Через магические обряды и ритуальные танцы боги, духи природы, звери, птицы, люди говорят о любви и страдании, доблести и чести, жизни и смерти. Медитативная красота возникает бесконечным повторением одного и того же движения, поданного в рапиде: на пять шагов уходит более минуты, причем движение не прерывается, но длится и длится. Шаманская мистерия завораживает: женщина с выбеленным лицом и длинными фарфоровыми ногтями плавно извивается по спирали на пятачке сцены. Бог облаков исполняет сложнейший танец, паря над подмостками — ноги солиста не касаются пола, его опора — плечи танцовщиков. Воины с пластикой потягивающихся тигров сражают накалом неистовой схватки, при том, что их движения неторопливы, а сами они не дотрагиваются друг до друга. Гуттаперчевые тела то заторможенно выгибаются, то пронзают пространство колючими жестами, и вновь — колдовство тягучих поз, плывущих, словно в расплавленном воске. Для актеров, владеющих современными пластиками, приемами Пекинской оперы, классическим танцем и боевыми искусствами, «ломать тела» — не проблема. Главное — искусство медитации, настраивающее ансамбль, как оркестр, на один тон. Сам спектакль — пластический эквивалент мудрой восточной философии, согласно которой бешеный ритм мегаполиса не мешает спокойной созерцательности. На сцене похожий на современного офисного менеджера молодой человек запросто вступает в диалог с жестокосердным богом в маске, другой — проезжающий на велосипеде — приветствует свиту божества. В мире нет временнЫх границ, все рядом: прошлое и будущее, реальность и фантомы.

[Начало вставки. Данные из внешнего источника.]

Lemma dominated_graph_extend : exists2 G', dominated_graph G' & G `<` G'.
Proof.
case: (G_dom) => Gf GD GZ GF GM.
exists [set p | exists m r t, G (m, r) /\ p = (m + t *: z, r + t * c)].
  split.
  - move=> x r s [m1 [r1 [t1 [G1 [e1 ->]]]]] [m2 [r2 [t2 [G2 [e2 ->]]]]].
    have t12 := shift_coef_inj G1 G2 (etrans (esym e1) e2); subst t2.
    have m12 : m1 = m2 by apply: (addIr (t1 *: z)); rewrite -e1 -e2.
    by subst m2; rewrite (Gf _ _ _ G1 G2).
  - move=> x y r s [m1 [r1 [t1 [G1 [-> ->]]]]] [m2 [r2 [t2 [G2 [-> ->]]]]].
    exists (m1 + m2), (r1 + r2), (t1 + t2); split; first exact: GD.
    by rewrite scalerDl mulrDl; congr (_, _); rewrite addrACA.
  - move=> d x r [m [r1 [t [G1 [-> ->]]]]].
    exists (d *: m), (d * r1), (d * t); split; first exact: GZ.
    by rewrite scalerDr scalerA mulrDr mulrA.
  - move=> x r [m [r1 [t [G1 [-> ->]]]]].
    have [t_lt0|t_gt0|->] := ltgtP t 0.
    + have nt_gt0 : 0 < - t by rewrite oppr_gt0.
      have := c_ge_slope G1 nt_gt0.
      by rewrite scaleNr opprK ler_pdivrMr // => h; nra.
    + by have := c_le_slope G1 t_gt0; rewrite ler_pdivlMr // => h; nra.
    + by rewrite scale0r mul0r !addr0; exact: GF.
  - move=> x Mx; exists x, (l0 x), 0; split; first exact: GM.
    by rewrite scale0r mul0r !addr0.
split.
  by move=> [x r] Gxr; exists x, r, 0; rewrite scale0r mul0r !addr0.
move=> /(_ (z, c)) h; apply: (@z_notin c); apply: h.
have G00 : G (0, 0) by have := GZ 0 _ _ (GM _ M0); rewrite scale0r mul0r.
by exists 0, 0, 1; rewrite scale1r mul1r !add0r.
Qed.
Lemma pairingBl (u x y : 'rV[R]_m) : pairing (x - y) u = pairing x u - pairing y u.
Proof. by rewrite /pairing -sumrB; apply: eq_bigr => j _; rewrite !mxE mulrBl. Qed.

Lemma pairing_suml k (w : 'I_k -> R) (p : 'I_k -> 'rV[R]_m) (x : 'rV[R]_m) :
  pairing (\sum_(i < k) w i *: p i) x = \sum_(i < k) w i * pairing (p i) x.
Proof.
rewrite pairingE mulmx_suml summxE; apply: eq_bigr => i _.
by rewrite -scalemxAl mxE pairingE.
Qed.

End Pairing.

Section Cones.
Variables (R : realFieldType) (m n : nat) (V : 'I_n -> 'rV[R]_m).

Definition supp (S : {set 'I_n}) (a : 'I_n -> R) := forall i, i \notin S -> a i = 0.
Definition comb (a : 'I_n -> R) := \sum_(i < n) a i *: V i.

Lemma comb_lin (x y : R) (a b : 'I_n -> R) :
  comb (fun i => x * a i + y * b i) = x *: comb a + y *: comb b.
Proof.
rewrite /comb !scaler_sumr -big_split /=; apply: eq_bigr => i _.
by rewrite scalerDl !scalerA.
Qed.

Lemma cone_add S x y : in_cone V S x -> in_cone V S y -> in_cone V S (x + y).
Proof.
move=> [a [a0 [aS ->]]] [b [b0 [bS ->]]].
exists (fun i => a i + b i); split; first by move=> i; rewrite addr_ge0.
split; first by move=> i iS; rewrite aS // bS // addr0.
by rewrite -big_split; apply: eq_bigr => i _; rewrite scalerDl.
Qed.

Lemma cone_scale S (k : R) x : 0 <= k -> in_cone V S x -> in_cone V S (k *: x).
Proof.
move=> k0 [a [a0 [aS ->]]]; exists (fun i => k * a i); split.
  by move=> i; rewrite mulr_ge0.
split; first by move=> i iS; rewrite aS // mulr0.
by rewrite scaler_sumr; apply: eq_bigr => i _; rewrite scalerA.
Qed.

Lemma cone_gen (S : {set 'I_n}) i : i \in S -> in_cone V S (V i).
Proof.
move=> iS; exists (fun j => if j == i then 1 else 0); split.
  by move=> j; case: eqP.
split; first by move=> j jS; case: eqP => // ej; rewrite ej iS in jS.
rewrite (bigD1 i) //= eqxx scale1r big1 ?addr0 // => j /negbTE ->.
by rewrite scale0r.
Qed.

Lemma cone_mono (S T : {set 'I_n}) x :
  S \subset T -> in_cone V S x -> in_cone V T x.
Proof.
move=> sST [a [a0 [aS ->]]]; exists a; split=> //; split=> // i iT.
by apply: aS; apply: contra iT; apply: (subsetP sST).
Qed.

Lemma cone_interval (S : {set 'I_n}) p q (a b c : R) : in_cone V S (p + a *: q) ->
  in_cone V S (p + b *: q) -> a <= c -> c <= b -> in_cone V S (p + c *: q).
Proof.
move=> Ha Hb ac cb.
have [eab|nab] := eqVneq a b.
  by have -> : c = a by apply/eqP; rewrite eq_le ac eab cb.
have lab : 0 < b - a by rewrite subr_gt0 lt_neqAle nab (le_trans ac cb).
set t := (c - a) / (b - a).
have t0 : 0 <= t by apply: divr_ge0; [rewrite subr_ge0 | apply: ltW].
have t1 : 0 <= 1 - t by rewrite subr_ge0 /t ler_pdivrMr // mul1r lerD2r.
have -> : p + c *: q = (1 - t) *: (p + a *: q) + t *: (p + b *: q).
  rewrite !scalerDr !scalerA addrACA -scalerDl subrK scale1r -scalerDl.
  by congr (_ + _ *: _); rewrite /t; field; rewrite gt_eqF.
by apply: cone_add; apply: cone_scale.
Qed.

End Cones.

Section OrderedField.
Variable R : realFieldType.

Lemma ge0_of_small_perturbations (x y e0 : R) : 0 < e0 ->
  (forall e, 0 < e -> e <= e0 -> 0 <= x + e * y) -> 0 <= x.
Proof.
move=> e0p H; rewrite leNgt; apply/negP => x0.
have h0 := H e0 e0p (lexx _).
have y0 : 0 < y.
  rewrite ltNge; apply/negP => y0.
  have : e0 * y <= 0 by rewrite pmulr_rle0.
  lra.
have hd : 0 < - x / (2 * y) by rewrite divr_gt0 ?mulr_gt0 ?oppr_gt0.
have hle : - x / (2 * y) <= e0 by rewrite ler_pdivrMr ?mulr_gt0 //; nra.
have := H _ hd hle.
have -> : x + - x / (2 * y) * y = x / 2 by field; rewrite gt_eqF.
lra.
Qed.

Lemma convex_near0_dichotomy (K : R -> Prop) :
  (forall a b c, K a -> K b -> a <= c -> c <= b -> K c) ->
  (exists2 e0, 0 < e0 & forall e, 0 < e -> e <= e0 -> K e) \/
  (exists2 e0, 0 < e0 & forall e, 0 < e -> e < e0 -> ~ K e).
Proof.
move=> Kconv.
have [[e' e'p Ke']|nK] := classic (exists2 e', 0 < e' & K e'); last first.
  by right; exists 1 => // e ep _ Ke; apply: nK; exists e.
have [bad|nbad] := classic (exists2 e0, 0 < e0 &
  forall e, 0 < e -> e < e0 -> ~ K e); first by right.
left; exists e' => // e ep ee'.
apply: NNPP => nKe; apply: nbad; exists e => // e'' e''p e''e Ke''.
by apply: nKe; apply: (Kconv e'' e') => //; apply: ltW.
Qed.
Section ExpectedDelay.
Variables (R : comPzRingType) (T : Type) (t0 : T) (om0 : R) (om : T -> R).

Definition expected_delay (x : T -> R) (s : seq T) : R :=
  \sum_(j < size s) om (nth t0 s j) *
     ((\prod_(i < j) (1 - x (nth t0 s i))) * x (nth t0 s j))
  + om0 * \prod_(i < size s) (1 - x (nth t0 s i)).

Lemma expected_delay_cons x h s :
  expected_delay x (h :: s) = om h * x h + (1 - x h) * expected_delay x s.
Proof.
rewrite /expected_delay /= !big_ord_recl /= big_ord0 mul1r mulrDr mulr_sumr.
under eq_bigr => j _ do rewrite big_ord_recl /=.
rewrite -!addrA; congr (_ + (_ + _)); last exact: mulrCA.
by apply: eq_bigr => j _; rewrite -[(1 - x h) * _ * _]mulrA mulrCA.
Qed.

End ExpectedDelay.

Lemma expected_delay_indicator (R : realDomainType) (T : eqType) t0 (om0 : R) om
    (b : pred T) s :
  om0 - expected_delay t0 om0 om (fun h => (b h)%:R) s = saving om0 om b s.
Proof.
elim: s => [|h s IHs]; first by rewrite /expected_delay !big_ord0 mulr1 add0r subrr.
by rewrite expected_delay_cons /= -IHs; case: (b h) => /=; ring.
Qed.

Section Caching.
Variables (R : realFieldType) (H U F M : nat).
Variables (P : 'I_F -> R) (omega : 'I_H.+1 -> 'I_U -> R) (hs : 'I_U -> seq 'I_H.+1).
Hypothesis P_ge0 : forall f, 0 <= P f.
Hypothesis P_sum1 : \sum_(f < F) P f = 1.
Hypothesis omega_le_base : forall u, {in hs u, forall h, omega h u <= omega ord0 u}.
Hypothesis hs_sorted : forall u, sorted (fun a b => omega a u <= omega b u) (hs u).

Local Notation G := (Gobj P omega hs).
Local Notation gain := (gain P omega hs).
Local Notation T := ('I_F * 'I_H.+1)%type.

Definition cached (X : {set T}) (f : 'I_F) : pred 'I_H.+1 := [pred h | (f, h) \in X].

Lemma Dbar_expected_delay (X : {set T}) u : Dbar P omega hs X u =
  \sum_(f < F) P f * expected_delay ord0 (omega ord0 u) (omega^~ u) (xfh R X f) (hs u).
Proof.
under [RHS]eq_bigr => f _ do rewrite /expected_delay mulrDr mulr_sumr.
rewrite big_split /= exchange_big /=; congr (_ + _).
  by apply: eq_bigr => j _; rewrite mulr_sumr; apply: eq_bigr => f _; ring.
by rewrite mulr_sumr; apply: eq_bigr => f _; ring.
Qed.

Lemma GobjE (X : {set T}) : G X =
  \sum_(u < U) \sum_(f < F) P f * saving (omega ord0 u) (omega^~ u) (cached X f) (hs u).
Proof.
apply: eq_bigr => u _; rewrite Dbar_expected_delay.
under [RHS]eq_bigr => f _ do rewrite -(expected_delay_indicator ord0) mulrBr.
by rewrite sumrB -mulr_suml P_sum1 mul1r.
Qed.

Lemma Gobj_set0 : G set0 = 0.
Proof.
rewrite GobjE big1 // => u _; rewrite big1 // => f _.
by rewrite (@eq_saving _ _ _ _ _ pred0 _) ?saving_pred0 ?mulr0 // => h; rewrite /cached /= inE.
Qed.

Lemma le_Gobj (X W : {set T}) : X \subset W -> G X <= G W.
Proof.
move=> sXW; rewrite !GobjE; apply: ler_sum => u _; apply: ler_sum => f _.
apply: ler_wpM2l => //; apply: saving_sub => // h; exact: (subsetP sXW).
Qed.

Lemma gain_ge0 (X : {set T}) (z : T) : 0 <= gain X z.
Proof. by rewrite subr_ge0 le_Gobj // subsetUr. Qed.

Lemma le_gain (X W : {set T}) (z : T) : X \subset W -> gain W z <= gain X z.
Proof.
move=> sXW; rewrite /Defs.gain !GobjE -!sumrB; apply: ler_sum => u _.
rewrite -!sumrB; apply: ler_sum => f _; rewrite -!mulrBr; apply: ler_wpM2l => //.
have cachedU1 Y : cached (z |: Y) f =1 predU (cached [set z] f) (cached Y f).
  by move=> h; rewrite /cached /= !inE.
rewrite !(eq_saving _ (cachedU1 _)) !saving_predU //.
by apply/maxBr_nonincreasing/saving_sub => // h; apply: (subsetP sXW).
Qed.

Lemma Gobj_setU_le (A B : {set T}) : G (A :|: B) <= G A + \sum_(b in B) gain A b.
Proof.
rewrite -{1}(set_enum B) -big_enum; elim: (enum B) => [|b s IHs].
  by rewrite big_nil addr0 le_Gobj // subUset subxx; apply/subsetP => x; rewrite inE.
have -> : A :|: [set x in b :: s] = b |: (A :|: [set x in s]).
  by apply/setP => x; rewrite !inE orbCA.
have := le_gain b (subsetUl A [set x in s]).
rewrite big_cons /Defs.gain in IHs * => le_b; rewrite addrA.
lra.
Qed.

Definition load (X : {set T}) (h : 'I_H.+1) : nat := #|[set f | (f, h) \in X]|.

Lemma load_setU1 (X : {set T}) z h :
  load (z |: X) h = (load X h + ((z.2 == h) && (z \notin X)))%N.
Proof.
case: z => f0 h0; rewrite /load /=; case: eqP => [<- | /eqP ne_h].
  have -> : [set f | (f, h0) \in (f0, h0) |: X] = f0 |: [set f | (f, h0) \in X].
    by apply/setP => f; rewrite !inE xpair_eqE eqxx andbT.
  by rewrite cardsU1 inE addnC.
by rewrite addn0; apply: eq_card => f; rewrite !inE xpair_eqE (eq_sym h) (negbTE ne_h) andbF.
Qed.

Lemma load_setD1 (Z : {set T}) z h : z \in Z ->
  load Z h = (load (Z :\ z) h + (z.2 == h))%N.
Proof.
by move=> zZ; rewrite -{1}(setD1K zZ) load_setU1 setD11 andbT.
Qed.

Lemma subset_load (Z Y : {set T}) h : Z \subset Y -> (load Z h <= load Y h)%N.
Proof.
move=> sZY; apply/subset_leq_card/subsetP => f; rewrite !inE; exact: (subsetP sZY).
Qed.

Lemma load_eq0 (Z : {set T}) h : {in Z, forall z, z.2 != h} -> load Z h = 0%N.
Proof.
by move=> Zh; apply: eq_card0 => f; rewrite !inE; apply/negP => /Zh; rewrite eqxx.
Qed.

Lemma load_set0 h : load set0 h = 0%N.
Proof. by rewrite load_eq0 // => z; rewrite inE. Qed.

Lemma feasibleP (X : {set T}) :
  reflect (X \subset Sset H F /\ forall h, h != ord0 -> (load X h <= M)%N) (feasible M X).
Proof.
apply: (iffP andP) => [[sXS /forallP lXM] | [sXS lXM]]; split => //.
  by move=> h h0; have /implyP := lXM h; apply.
by apply/forallP => h; apply/implyP/lXM.
Qed.

Lemma can_addE (X : {set T}) z : feasible M X ->
  can_add M X z = [&& z \notin X, z.2 != ord0 & (load X z.2 < M)%N].
Proof.
move=> /feasibleP [sXS lXM]; rewrite /can_add inE.
apply/and3P/and3P => [[zX z0 /feasibleP [_ lzXM]] | [zX z0 lt_M]]; split => //.
  by have := lzXM _ z0; rewrite load_setU1 eqxx zX addn1.
apply/feasibleP; split; first by rewrite subUset sub1set inE z0.
move=> h h0; rewrite load_setU1 zX andbT.
by case: eqP => [<- | _]; rewrite ?addn1 ?addn0 ?lXM.
Qed.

В финале «Девяти песен» актеры долго и медленно выносят горящие свечи, ставят на сцену и уходят за новыми. Ковер из восьми сотен пламенеющих огоньков покрывает подмостки, соединяется с бассейном, где плавают цветки лотоса, сливается с сиянием таинственных космических звезд, рассыпанных на арьерзанавесе. Зрелище невероятной красоты — в память об ушедших. Грусть о невозвратном времени, истаивании счастья и — одновременно — волшебство умиротворения. Тихий покой как итог и как беззвучный аккорд переплетенных смыслов. В мире, где нервы напряжены до предела, театр устраивает для публики сеанс самопогружения и самопознания. Забытые чувства.